Wilson begins by arguing that deep learning is indeed unusual and at times mysterious, but not for the reasons people commonly assume. Much of what appears inexplicable—such as the ability of massive models to generalize on small datasets—can actually be understood through longstanding ideas in inductive bias, generalization theory, and Bayesian inference. He emphasizes that deep learning’s power does not come from magic but from a combination of extreme expressiveness and strong simplicity biases that emerge as models grow larger. Wilson argues that more expressive models, when paired with soft biases—such as compression, Bayesian marginalization, or architectural tendencies—actually generalize better than smaller, more rigid ones. This leads to the counterintuitive conclusion that increasing model size often reduces, rather than increases, overfitting. Phenomena such as double descent illustrate this dramatically: once models exceed the interpolation threshold and continue to grow, their generalization improves even though they perfectly fit the training data, implying that scale brings with it an internal preference for flatter, more compressible solutions.

Andrew notes that real-world data is biased toward low Kolmogorov complexity, meaning the world is structured, not random. Gaussian kernels offer explicit, analytic examples of such universal structure. For instance, the RBF kernel encodes assumptions of smoothness and locality that hold across physics, engineering, biology, and perception. Spectral mixture kernels encode periodicity and long-range structure, again reflecting universal patterns found across natural systems. Deep kernel learning generalizes this: a deep network learns a feature map that is then fed into a Gaussian process, giving a kernel that captures complex patterns while remaining smooth and compressible. Bayesian deep learning connects to this theme because it values models that represent honest beliefs about structure in the world, and GP kernels are explicit representations of such beliefs. The open question is whether we can discover a small set of kernel-like inductive biases that truly span real-world variation, enabling models to generalize systematically across domains.

The Gaussian kernel is one of the most important objects in all of machine learning — not because it is the only sensible prior over functions, but because it crystallizes, in an analytically clean form, what good inductive bias looks like in function space. Andrew’s worldview is easier to understand once you see why the Gaussian kernel is so central. The Gaussian (or radial basis function, RBF) kernel is central to modern kernel-based learning methods because it induces a smooth, infinitely differentiable feature space that enables highly flexible nonlinear modeling. Its mathematical form ensures locality—points close in the input space receive high similarity, while distant points decay exponentially. This property makes the Gaussian kernel effective for capturing structure in data with complex, curved decision boundaries. The Gaussian kernel is important because it satisfies the conditions of Mercer’s theorem, ensuring that it corresponds to an inner product in a (potentially infinite-dimensional) reproducing kernel Hilbert space (RKHS). This guarantee allows algorithms such as Support Vector Machines (SVMs) and kernel ridge regression to apply the kernel trick, operating implicitly in a high- or infinite-dimensional feature space without explicit mapping.
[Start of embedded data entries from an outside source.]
(* Let $k\ge 2$ and let $\mathcal{C}$ be the full flag code on $\mathbb{F}_q^{2k}$ constructed from a $k$-spread as described in the context. Let $\mathcal{F}=(\mathcal{F}_1,\ldots,\mathcal{F}_{2k-1})\in\mathcal{C}$ and let $\mathcal{X}=(\mathcal{X}_1,\ldots,\mathcal{X}_{2k-1})$ be a sequence of subspaces with $\mathcal{X}_i\subseteq\mathcal{F}_i$ for all $i$ and $\mathcal{X}_1=\cdots=\mathcal{X}_k=\{0\}$. Suppose there is $i\in\{k+1,\ldots,2k-1\}$ with $\dim\mathcal{X}_i>2(i-k)$, and let $i$ be the minimum such index. Then $\mathcal{F}$ is the unique flag $\mathcal{G}=(\mathcal{G}_1,\ldots,\mathcal{G}_{2k-1})\in\mathcal{C}$ with $\mathcal{X}_i\subseteq\mathcal{G}_i$.
   Context: $q$ is a prime power. Construction: let $\{\mathcal{S}_1,\ldots,\mathcal{S}_{q^k+1}\}$ be a $k$-spread of $\mathbb{F}_q^{2k}$ (a set of $q^k+1$ $k$-dimensional subspaces pairwise intersecting trivially), with full-rank $k\times 2k$ generator matrices $\mathrm{S}_i$ (row space $\mathcal{S}_i$). Let $\mathrm{W}_i=\begin{pmatrix}\mathrm{S}_i\\ \mathrm{S}_{i+1}\end{pmatrix}$ for $i\le q^k$ and $\mathrm{W}_{q^k+1}=\begin{pmatrix}\mathrm{S}_{q^k+1}\\ \mathrm{S}_1\end{pmatrix}$, let $\mathcal{W}_i^{(j)}$ be the row space of the first $j$ rows of $\mathrm{W}_i$, and $\mathcal{C}=\{(\mathcal{W}_i^{(1)},\ldots,\mathcal{W}_i^{(2k-1)}): 1\le i\le q^k+1\}$. *)

From HB Require Import structures.
From mathcomp Require Import all_boot all_order all_algebra.
Set Implicit Arguments.
Unset Strict Implicit.
Unset Printing Implicit Defensive.
Import GRing.Theory.
Local Open Scope ring_scope.

(* Subspaces of F^n are represented (mxalgebra style) as row spaces of
   matrices with n columns.  The field F_q is a finite field F, q = #|F|. *)

Definition is_spread (F : finFieldType) (k : nat)
  (S : 'I_(#|F| ^ k).+1 -> 'M[F]_(k, k + k)) : Prop :=
  (forall i, row_free (S i)) /\
  (forall i j, i != j -> \rank (S i :&: S j)%MS = 0%N).

(* W_i = (S_i ; S_{i+1}), indices taken cyclically (ordS). *)
Definition Wmx (F : finFieldType) (k : nat)
  (S : 'I_(#|F| ^ k).+1 -> 'M[F]_(k, k + k)) (i : 'I_(#|F| ^ k).+1)
  : 'M[F]_(k + k, k + k) := col_mx (S i) (S (ordS i)).

Definition first_rows (F : fieldType) (m n : nat) (W : 'M[F]_(m, n)) (j : nat)
  : 'M[F]_(m, n) := \matrix_(r < m, c < n) (if (r < j)%N then W r c else 0).

Definition flagC (F : finFieldType) (k : nat)
  (S : 'I_(#|F| ^ k).+1 -> 'M[F]_(k, k + k)) (i : 'I_(#|F| ^ k).+1) (j : nat)
  : 'M[F]_(k + k, k + k) := first_rows (Wmx S i) j.

From mathcomp Require Import all_boot all_order all_algebra.
From mathcomp Require Import zify.
Import GRing.Theory.

Set Implicit Arguments.
Unset Strict Implicit.
Unset Printing Implicit Defensive.

(* If b <> a, the i-th subspaces of the flags a and b are S_a + T_a and
   S_b + T_b, where T_a and T_b are spanned by i - k rows of S_(a+1) and
   S_(b+1).  Enlarging one side of an intersection by a space of dimension d
   raises its dimension by at most d, and S_a meets S_b trivially, so the two
   i-th subspaces meet in dimension at most 2(i - k) < dim X_i.  Hence X_i lies
   in the i-th subspace of no flag other than the one indexed by a.  Neither the
   minimality of i nor X_1 = ... = X_k = 0 is needed. *)

Section RowSpaces.
Variable F : fieldType.
Local Open Scope ring_scope.

Lemma mxrank_capmx_addsl n m1 m2 m3 (U : 'M[F]_(m1, n)) (A : 'M_(m2, n))
    (W : 'M_(m3, n)) :
  (\rank ((U + A) :&: W)%MS <= \rank (U :&: W)%MS + \rank A)%N.
Proof.
set P := ((U + A) :&: W)%MS.
have rank_PU : (\rank (P + U)%MS <= \rank U + \rank A)%N.
  apply: leq_trans _ (mxrank_adds_leqif U A).1.
  by apply: mxrankS; rewrite addsmx_sub capmxSl addsmxSl.
have rank_PcapU : (\rank (P :&: U)%MS <= \rank (U :&: W)%MS)%N.
  by apply: mxrankS; rewrite capmxC capmxS ?capmxSr.
have := mxrank_sum_cap P U; lia.
Qed.

Lemma mxrank_capmx_adds n m1 m2 m3 m4 (U : 'M[F]_(m1, n)) (A : 'M_(m2, n))
    (V : 'M_(m3, n)) (B : 'M_(m4, n)) :
  (\rank ((U + A) :&: (V + B))%MS <= \rank (U :&: V)%MS + \rank A + \rank B)%N.
Proof.
apply: leq_trans (mxrank_capmx_addsl U A (V + B)%MS) _.
rewrite addnAC leq_add2r capmxC.
by apply: leq_trans (mxrank_capmx_addsl V B U) _; rewrite capmxC.
Qed.

Lemma first_rowsE m n (B : 'M[F]_(m, n)) j : first_rows B j = pid_mx j *m B.
Proof.
apply/matrixP => r c; rewrite !mxE (bigD1 r) //= big1 ?addr0.
  by rewrite !mxE eqxx /=; case: (r < j)%N; rewrite ?mul1r ?mul0r.
by move=> s neq_sr; rewrite !mxE val_eqE eq_sym (negPf neq_sr) mul0r.
Qed.

Lemma mxrank_first_rows m n (B : 'M[F]_(m, n)) j : (\rank (first_rows B j) <= j)%N.
Proof.
rewrite first_rowsE; apply: leq_trans (mxrankM_maxl _ _) _.
have [le_jm | lt_mj] := leqP j m; first by rewrite rank_pid_mx.
exact: leq_trans (rank_leq_row _) (ltnW lt_mj).
Qed.

Lemma first_rows_col_mx m1 m2 n (A : 'M[F]_(m1, n)) (B : 'M_(m2, n)) j :
  (m1 <= j)%N -> first_rows (col_mx A B) j = col_mx A (first_rows B (j - m1)).
Proof.
move=> le_m1j; apply/matrixP => r c; rewrite !mxE.
case: splitP => r' ->; rewrite ?mxE; first by rewrite (leq_trans (ltn_ord r')).
by rewrite ltn_subRL.
Qed.

Lemma mxrank_capmx_first_rows_col_mx m1 m2 n (U V : 'M[F]_(m1, n))
    (A B : 'M_(m2, n)) j : (m1 <= j)%N ->
  (\rank (first_rows (col_mx U A) j :&: first_rows (col_mx V B) j)%MS
     <= \rank (U :&: V)%MS + 2 * (j - m1))%N.
Proof.
move=> le_m1j; rewrite !first_rows_col_mx //.
rewrite -(cap_eqmx (addsmxE _ _) (addsmxE _ _)).
apply: leq_trans (mxrank_capmx_adds _ _ _ _) _.
have := mxrank_first_rows A (j - m1); have := mxrank_first_rows B (j - m1).
lia.
Qed.

End RowSpaces.

Theorem proposition4p13 (F : finFieldType) (k : nat)
  (S : 'I_(#|F| ^ k).+1 -> 'M[F]_(k, k + k))
  (a : 'I_(#|F| ^ k).+1) (X : nat -> 'M[F]_(k + k)) (i : nat) :
  (2 <= k)%N ->
  is_spread S ->
  (forall j, (1 <= j <= (k + k).-1)%N -> (X j <= flagC S a j)%MS) ->
  (forall j, (1 <= j <= k)%N -> \rank (X j) = 0%N) ->
  (k < i <= (k + k).-1)%N ->
  (2 * (i - k) < \rank (X i))%N ->
  (forall j, (k < j < i)%N -> (\rank (X j) <= 2 * (j - k))%N) ->
  (X i <= flagC S a i)%MS /\
  (forall b : 'I_(#|F| ^ k).+1, (X i <= flagC S b i)%MS ->
     forall j, (1 <= j <= (k + k).-1)%N -> (flagC S b j == flagC S a j)%MS).
Proof.
move=> _ [_ spread_cap] sub_Xa _ range_i rank_Xi _.
have sub_Xia : (X i <= flagC S a i)%MS by apply: sub_Xa; lia.
have le_ki : (k <= i)%N by lia.
split=> // b sub_Xib j _.
have [-> | neq_ba] := eqVneq b a; first by rewrite submx_refl.
have rank_cap : (\rank (flagC S b i :&: flagC S a i)%MS <= 2 * (i - k))%N.
  have := mxrank_capmx_first_rows_col_mx
    (S b) (S a) (S (ordS b)) (S (ordS a)) le_ki.
  by rewrite spread_cap.
have sub_cap : (X i <= flagC S b i :&: flagC S a i)%MS.
  by rewrite sub_capmx sub_Xib.
have := mxrankS sub_cap; lia.
Qed.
The Bayesian predictive distribution for a new input $x_*$ is given by

\[p(y \mid x_*, \mathbf{y}, \mathbf{X}) = \int p(y \mid x_*, \mathbf{w}) \, p(\mathbf{w} \mid \mathbf{y}, \mathbf{X}) \, d\mathbf{w}.\]

This expression can be understood by noting that each possible setting of the weights $\mathbf{w}$ corresponds to a different model $f(x, \mathbf{w})$. The Bayesian predictive distribution therefore performs a Bayesian model average: it averages over an uncountably infinite collection of models, weighting each one by its posterior probability under the observed data $(\mathbf{X}, \mathbf{y})$. This formulation naturally represents epistemic uncertainty, that is, uncertainty about which function $f(x, \mathbf{w})$ actually explains the data. Rather than committing to a single set of parameters, the Bayesian approach recognizes that many weight configurations may be compatible with the observations and integrates over all of them.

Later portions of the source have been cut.